A research team from Johns Hopkins University has discovered evidence that abnormal function of the left atrium may lead to an increase in stroke risk. As the study showed, the risk for stroke was not dependent on the presence of atrial fibrillation. The findings go against the universally accepted notion that irregular rhythm in the upper chambers of the heart during atrial fibrillation (AF) causes blood clots to form, eventually finding their way to the brain.

The results were published in the Journal of the American Heart Association. The study was motivated by the knowledge that the current reasoning for stroke doesn’t fit in with what clinicians see on a daily basis – not all individuals with atrial fibrillation have strokes and not all stroke victims have atrial fibrillation. So this means that people with abnormal function of the left atrium are at risk for stroke, not only those with AF. 

Lead author and cardiologist Dr. Hiroshi Ashikaga, PhD, and his team from Johns Hopkins used a 1.5 Tesla MRI scanner (Magnetom Avanta, Siemens Healthcare) with motion­tracking software called multimodality tissue­tracking (MTT) made by Toshiba to study the movement of the myocardium (cardiac muscle).

"The good thing about this imaging technique is that it is noninvasive," Ashikaga, an assistant professor of medicine and biomedical engineering at Johns Hopkins, noted. "Traditionally, for people who have atrial fibrillation, we estimate the risk of a stroke and decide whether or not to start [them on] a blood thinner to prevent a stroke. Sometimes, there has to be a diagnosis of atrial fibrillation to start the [treatment] process, but this kind of approach does not help people who present with a stroke as the first manifestation of atrial fibrillation".

"So if we can look at the left atrial function in anyone, it is very easy because we don't have to wait for atrial fibrillation to occur," Ashikaga said. "If we can screen people who are at higher risk of a stroke, we can discuss therapy based on the result".

The study included 169 patients with prior history of atrial fibrillation. Eighteen of the patients had a stroke or transient ischemic attack (TIA) in the past and 151 had no history of stroke or TIA, the control group.  The results showed that the left atria of patients in the first group emptied a significantly less amount of blood into the left ventricle.
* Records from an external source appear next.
(* If $G$ is a chordal graph of treewidth $w$ and with a resolving set of size $k$, then $w\leq 3^k$.
   Context: A graph is chordal if it has no induced cycle of length at least $4$. A set $R$ of vertices of a graph $G$ is a resolving set if for each pair $u,v$ of distinct vertices there is $x\in R$ with $d(x,u)\neq d(x,v)$. *)

From mathcomp Require Import all_boot.
Set Implicit Arguments. Unset Strict Implicit. Unset Printing Implicit Defensive.

Section Graphs.
Variable V : finType.

Definition simple_graph (e : rel V) : Prop := symmetric e /\ irreflexive e.

Definition connected_graph (e : rel V) : Prop := forall x y : V, connect e x y.

Definition walkn (e : rel V) (n : nat) (x y : V) : bool :=
  [exists p : n.-tuple V, path e x p && (last x p == y)].

(* graph distance: least n such that a walk of length n exists from x to y
   (in a connected graph such an n is < #|V|; otherwise the value is #|V|) *)
Definition dist (e : rel V) (x y : V) : nat :=
  find (fun n => walkn e n x y) (iota 0 #|V|).

Definition resolving (e : rel V) (R : {set V}) : Prop :=
  forall u v : V, u != v -> exists2 x, x \in R & dist e x u != dist e x v.

Definition induced_cycle (e : rel V) (s : seq V) : Prop :=
  [/\ uniq s, 4 <= size s, cycle e s &
      forall x y, x \in s -> y \in s -> e x y -> (y == next s x) || (x == next s y)].

Definition chordal (e : rel V) : Prop := forall s : seq V, ~ induced_cycle e s.
End Graphs.

Definition is_tree (n : nat) (t : rel 'I_n.+1) : Prop :=
  [/\ simple_graph t, connected_graph t &
      forall s : seq 'I_n.+1, ~ [/\ uniq s, 3 <= size s & cycle t s]].

Definition tree_decomposition (V : finType) (e : rel V)
  (n : nat) (t : rel 'I_n.+1) (B : 'I_n.+1 -> {set V}) : Prop :=
  [/\ is_tree t,
      (forall v : V, exists i, v \in B i),
      (forall u v : V, e u v -> exists i, (u \in B i) && (v \in B i)) &
      forall (v : V) (i j : 'I_n.+1), v \in B i -> v \in B j ->
        connect [rel a b | t a b && (v \in B a) && (v \in B b)] i j].

Definition has_td_width (V : finType) (e : rel V) (w : nat) : Prop :=
  exists n (t : rel 'I_n.+1) (B : 'I_n.+1 -> {set V}),
    tree_decomposition e t B /\ (\max_(i < n.+1) #|B i| <= w.+1)%N.

Definition treewidth (V : finType) (e : rel V) (w : nat) : Prop :=
  has_td_width e w /\ forall w', has_td_width e w' -> w <= w'.

(* A chordal graph has a perfect elimination ordering (Dirac), and the closed
   forward neighbourhoods of such an ordering, linked by sending each vertex to
   its first later neighbour, form a tree decomposition whose bags are cliques.
   Distances from a vertex x to the vertices of a clique take at most two
   consecutive values, so a clique vertex u is determined by the set of x in a
   resolving set R at which u realizes the larger value. Cliques thus have at
   most 2^|R| vertices and the treewidth is at most 2^|R| - 1 <= 3^|R|. *)

From mathcomp Require Import all_boot zify.
Set Implicit Arguments. Unset Strict Implicit. Unset Printing Implicit Defensive.

Lemma next_mkseq (T : eqType) (g : nat -> T) n i :
  {in gtn n &, injective g} -> i < n -> next (mkseq g n) (g i) = g (i.+1 %% n).
Proof.
move=> /mkseq_uniqP g_uniq lt_i_n.
have g_nth : nth (g i) (mkseq g n) i = g i by rewrite nth_mkseq.
have gi_in : g i \in mkseq g n by rewrite -g_nth mem_nth ?size_mkseq.
have gi_idx : index (g i) (mkseq g n) = i by rewrite -{1}g_nth index_uniq ?size_mkseq.
rewrite next_nth gi_in gi_idx.
case: n lt_i_n {g_uniq g_nth gi_in gi_idx} => // n; rewrite ltnS leq_eqVlt.
case/predU1P => [->|lt_i_n]; first by rewrite modnn /= nth_default // size_map size_iota.
by rewrite modn_small // /= (nth_map 0) ?size_iota // nth_iota.
Qed.

Lemma prev_neq_next (T : eqType) (s : seq T) x :
  uniq s -> 3 <= size s -> x \in s -> prev s x != next s x.
Proof.
move=> s_uniq s_size /rot_to[i q s_rot]; apply/eqP => prev_next.
have : next s (next s x) = x by rewrite -{1}prev_next next_prev.
rewrite -!(next_rot i s_uniq) s_rot.
have: uniq (x :: q) by rewrite -s_rot rot_uniq.
have: 3 <= size (x :: q) by rewrite -s_rot size_rot.
case: q {s_rot} => [|y [|z r]] //= _.
rewrite !inE !negb_or => /andP[/and3P[xy xz _] /andP[/andP[yz _] _]].
by rewrite eqxx eq_sym (negPf xy) eqxx => zx; rewrite zx eqxx in xz.
Qed.

Section Graph.
Variables (V : finType) (e : rel V).
Hypotheses (e_sym : symmetric e) (e_irr : irreflexive e).

Definition clique (K : {set V}) := {in K &, forall u v, u != v -> e u v}.

Definition simplicial (U : {set V}) (v : V) := v \in U /\ clique [set u in U | e v u].

Definition perfect_elimination (s : seq V) :=
  forall v, clique [set u in s | e v u && (index v s < index u s)].

Definition induced (W : {set V}) : rel V := [rel x y | e x y && (x \in W) && (y \in W)].

Lemma clique_sub (K1 K2 : {set V}) : K1 \subset K2 -> clique K2 -> clique K1.
Proof. by move=> /subsetP K12 K2_clique u v /K12 uK /K12 vK; apply: K2_clique. Qed.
When reviewing the MR images, the researchers also noticed that the volume of left atria in patients with prior history of stroke or TIA was larger on average, 52 mL/m2, compared to the control group, which had 44 mL/m2 on average. Another interesting find was that the heart muscle was found to be less elastic and had overall less ability to handle strain.

Motion-­tracking MRI of the left atrium

Motion-­tracking MRI shows the heart wall of the left atrium highlighted in color (representing 0% to 40%) based on how much it has stretched from baseline. Image courtesy of Dr. Hiroshi Ashikaga, PhD. "Our findings are particularly important because, to our knowledge, this is the first report to demonstrate the significant contribution of the left atrium reservoir function to stroke in atrial fibrillation patients during sinus rhythm [or the normal beating of the heart]", the authors wrote.

Who benefits?

The potential benefits of using such a technique are still unknown and there are a lot of unanswered questions, which is why the researchers plan on performing several studies prospectively. They want to study people with atrial fibrillation, those at high risk for atrial fibrillation and those who have no signs of atrial fibrillation.